= ENTRIES SHOWN =

/---

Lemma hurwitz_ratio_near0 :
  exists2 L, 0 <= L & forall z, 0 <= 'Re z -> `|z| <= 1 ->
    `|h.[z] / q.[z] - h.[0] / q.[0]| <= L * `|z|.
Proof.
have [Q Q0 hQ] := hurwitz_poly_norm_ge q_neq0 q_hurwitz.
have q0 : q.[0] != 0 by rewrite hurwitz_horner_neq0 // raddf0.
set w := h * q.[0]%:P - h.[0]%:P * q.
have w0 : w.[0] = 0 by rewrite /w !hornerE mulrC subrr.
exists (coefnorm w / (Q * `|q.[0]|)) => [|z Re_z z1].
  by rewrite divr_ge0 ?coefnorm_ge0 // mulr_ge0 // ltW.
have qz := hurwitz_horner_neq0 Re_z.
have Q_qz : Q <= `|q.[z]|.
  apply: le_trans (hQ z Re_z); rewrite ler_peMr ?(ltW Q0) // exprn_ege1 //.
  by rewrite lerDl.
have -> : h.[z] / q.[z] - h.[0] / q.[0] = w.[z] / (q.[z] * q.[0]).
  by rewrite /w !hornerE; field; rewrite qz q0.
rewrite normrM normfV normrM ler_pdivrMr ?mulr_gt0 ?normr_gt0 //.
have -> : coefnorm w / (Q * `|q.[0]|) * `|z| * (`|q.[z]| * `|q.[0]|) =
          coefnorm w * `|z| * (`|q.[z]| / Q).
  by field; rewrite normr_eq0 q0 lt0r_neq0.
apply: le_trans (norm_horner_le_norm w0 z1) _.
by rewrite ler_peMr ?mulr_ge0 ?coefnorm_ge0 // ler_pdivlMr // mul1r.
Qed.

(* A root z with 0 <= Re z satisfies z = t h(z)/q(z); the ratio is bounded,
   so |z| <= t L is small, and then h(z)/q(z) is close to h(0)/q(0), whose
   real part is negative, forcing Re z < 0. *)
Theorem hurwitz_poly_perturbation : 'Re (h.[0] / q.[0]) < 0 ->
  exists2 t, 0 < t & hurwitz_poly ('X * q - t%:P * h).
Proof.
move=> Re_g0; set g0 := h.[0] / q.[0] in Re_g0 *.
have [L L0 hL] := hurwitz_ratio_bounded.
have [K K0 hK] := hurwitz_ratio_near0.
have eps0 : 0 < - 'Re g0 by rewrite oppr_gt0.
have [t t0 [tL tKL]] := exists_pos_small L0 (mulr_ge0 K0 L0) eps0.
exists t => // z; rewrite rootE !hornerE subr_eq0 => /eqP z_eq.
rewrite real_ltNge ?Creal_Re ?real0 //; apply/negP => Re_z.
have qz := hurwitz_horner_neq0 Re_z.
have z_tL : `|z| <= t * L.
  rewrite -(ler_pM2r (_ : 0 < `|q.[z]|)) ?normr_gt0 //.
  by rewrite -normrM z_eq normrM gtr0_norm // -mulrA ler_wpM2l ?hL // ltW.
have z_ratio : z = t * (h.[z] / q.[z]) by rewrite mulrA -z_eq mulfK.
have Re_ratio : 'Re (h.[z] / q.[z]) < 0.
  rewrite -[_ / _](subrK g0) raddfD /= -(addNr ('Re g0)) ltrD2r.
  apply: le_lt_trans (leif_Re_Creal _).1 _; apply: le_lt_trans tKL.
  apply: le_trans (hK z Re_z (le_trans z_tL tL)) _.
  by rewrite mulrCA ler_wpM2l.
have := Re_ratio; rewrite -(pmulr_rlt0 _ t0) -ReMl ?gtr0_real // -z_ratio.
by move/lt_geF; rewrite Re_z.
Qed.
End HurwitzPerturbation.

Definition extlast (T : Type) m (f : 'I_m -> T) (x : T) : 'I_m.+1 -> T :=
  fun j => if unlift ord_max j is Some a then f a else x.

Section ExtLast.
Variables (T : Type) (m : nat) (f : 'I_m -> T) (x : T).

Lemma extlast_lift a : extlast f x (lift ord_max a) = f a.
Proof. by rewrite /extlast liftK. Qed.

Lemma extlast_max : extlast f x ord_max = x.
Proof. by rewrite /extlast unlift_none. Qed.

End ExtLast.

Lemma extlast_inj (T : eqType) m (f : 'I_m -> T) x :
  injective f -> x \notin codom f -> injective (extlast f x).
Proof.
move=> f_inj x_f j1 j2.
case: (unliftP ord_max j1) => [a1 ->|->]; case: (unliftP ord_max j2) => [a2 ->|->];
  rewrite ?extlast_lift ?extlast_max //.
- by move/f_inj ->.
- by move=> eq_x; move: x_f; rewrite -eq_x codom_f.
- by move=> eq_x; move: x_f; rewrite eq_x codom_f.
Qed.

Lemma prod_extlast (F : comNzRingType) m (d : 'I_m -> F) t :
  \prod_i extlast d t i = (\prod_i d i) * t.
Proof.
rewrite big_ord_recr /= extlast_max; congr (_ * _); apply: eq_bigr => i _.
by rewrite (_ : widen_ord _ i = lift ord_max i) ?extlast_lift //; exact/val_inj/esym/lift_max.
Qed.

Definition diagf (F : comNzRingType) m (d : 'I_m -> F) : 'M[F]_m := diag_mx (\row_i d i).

\---

= TASK OBJECTIVE =
Set down all of the entries exactly, please.

= TASK SOLUTION =
Lemma hurwitz_ratio_near0 :
  exists2 L, 0 <= L & forall z, 0 <= 'Re z -> `|z| <= 1 ->
    `|h.[z] / q.[z] - h.[0] / q.[0]| <= L * `|z|.
Proof.
have [Q Q0 hQ] := hurwitz_poly_norm_ge q_neq0 q_hurwitz.
have q0 : q.[0] != 0 by rewrite hurwitz_horner_neq0 // raddf0.
set w := h * q.[0]%:P - h.[0]%:P * q.
have w0 : w.[0] = 0 by rewrite /w !hornerE mulrC subrr.
exists (coefnorm w / (Q * `|q.[0]|)) => [|z Re_z z1].
  by rewrite divr_ge0 ?coefnorm_ge0 // mulr_ge0 // ltW.
have qz := hurwitz_horner_neq0 Re_z.
have Q_qz : Q <= `|q.[z]|.
  apply: le_trans (hQ z Re_z); rewrite ler_peMr ?(ltW Q0) // exprn_ege1 //.
  by rewrite lerDl.
have -> : h.[z] / q.[z] - h.[0] / q.[0] = w.[z] / (q.[z] * q.[0]).
  by rewrite /w !hornerE; field; rewrite qz q0.
rewrite normrM normfV normrM ler_pdivrMr ?mulr_gt0 ?normr_gt0 //.
have -> : coefnorm w / (Q * `|q.[0]|) * `|z| * (`|q.[z]| * `|q.[0]|) =
          coefnorm w * `|z| * (`|q.[z]| / Q).
  by field; rewrite normr_eq0 q0 lt0r_neq0.
apply: le_trans (norm_horner_le_norm w0 z1) _.
by rewrite ler_peMr ?mulr_ge0 ?coefnorm_ge0 // ler_pdivlMr // mul1r.
Qed.

(* A root z with 0 <= Re z satisfies z = t h(z)/q(z); the ratio is bounded,
   so |z| <= t L is small, and then h(z)/q(z) is close to h(0)/q(0), whose
   real part is negative, forcing Re z < 0. *)
Theorem hurwitz_poly_perturbation : 'Re (h.[0] / q.[0]) < 0 ->
  exists2 t, 0 < t & hurwitz_poly ('X * q - t%:P * h).
Proof.
move=> Re_g0; set g0 := h.[0] / q.[0] in Re_g0 *.
have [L L0 hL] := hurwitz_ratio_bounded.
have [K K0 hK] := hurwitz_ratio_near0.
have eps0 : 0 < - 'Re g0 by rewrite oppr_gt0.
have [t t0 [tL tKL]] := exists_pos_small L0 (mulr_ge0 K0 L0) eps0.
exists t => // z; rewrite rootE !hornerE subr_eq0 => /eqP z_eq.
rewrite real_ltNge ?Creal_Re ?real0 //; apply/negP => Re_z.
have qz := hurwitz_horner_neq0 Re_z.
have z_tL : `|z| <= t * L.
  rewrite -(ler_pM2r (_ : 0 < `|q.[z]|)) ?normr_gt0 //.
  by rewrite -normrM z_eq normrM gtr0_norm // -mulrA ler_wpM2l ?hL // ltW.
have z_ratio : z = t * (h.[z] / q.[z]) by rewrite mulrA -z_eq mulfK.
have Re_ratio : 'Re (h.[z] / q.[z]) < 0.
  rewrite -[_ / _](subrK g0) raddfD /= -(addNr ('Re g0)) ltrD2r.
  apply: le_lt_trans (leif_Re_Creal _).1 _; apply: le_lt_trans tKL.
  apply: le_trans (hK z Re_z (le_trans z_tL tL)) _.
  by rewrite mulrCA ler_wpM2l.
have := Re_ratio; rewrite -(pmulr_rlt0 _ t0) -ReMl ?gtr0_real // -z_ratio.
by move/lt_geF; rewrite Re_z.
Qed.
End HurwitzPerturbation.

Definition extlast (T : Type) m (f : 'I_m -> T) (x : T) : 'I_m.+1 -> T :=
  fun j => if unlift ord_max j is Some a then f a else x.

Section ExtLast.
Variables (T : Type) (m : nat) (f : 'I_m -> T) (x : T).

Lemma extlast_lift a : extlast f x (lift ord_max a) = f a.
Proof. by rewrite /extlast liftK. Qed.

Lemma extlast_max : extlast f x ord_max = x.
Proof. by rewrite /extlast unlift_none. Qed.

End ExtLast.

Lemma extlast_inj (T : eqType) m (f : 'I_m -> T) x :
  injective f -> x \notin codom f -> injective (extlast f x).
Proof.
move=> f_inj x_f j1 j2.
case: (unliftP ord_max j1) => [a1 ->|->]; case: (unliftP ord_max j2) => [a2 ->|->];
  rewrite ?extlast_lift ?extlast_max //.
- by move/f_inj ->.
- by move=> eq_x; move: x_f; rewrite -eq_x codom_f.
- by move=> eq_x; move: x_f; rewrite eq_x codom_f.
Qed.

Lemma prod_extlast (F : comNzRingType) m (d : 'I_m -> F) t :
  \prod_i extlast d t i = (\prod_i d i) * t.
Proof.
rewrite big_ord_recr /= extlast_max; congr (_ * _); apply: eq_bigr => i _.
by rewrite (_ : widen_ord _ i = lift ord_max i) ?extlast_lift //; exact/val_inj/esym/lift_max.
Qed.

Definition diagf (F : comNzRingType) m (d : 'I_m -> F) : 'M[F]_m := diag_mx (\row_i d i).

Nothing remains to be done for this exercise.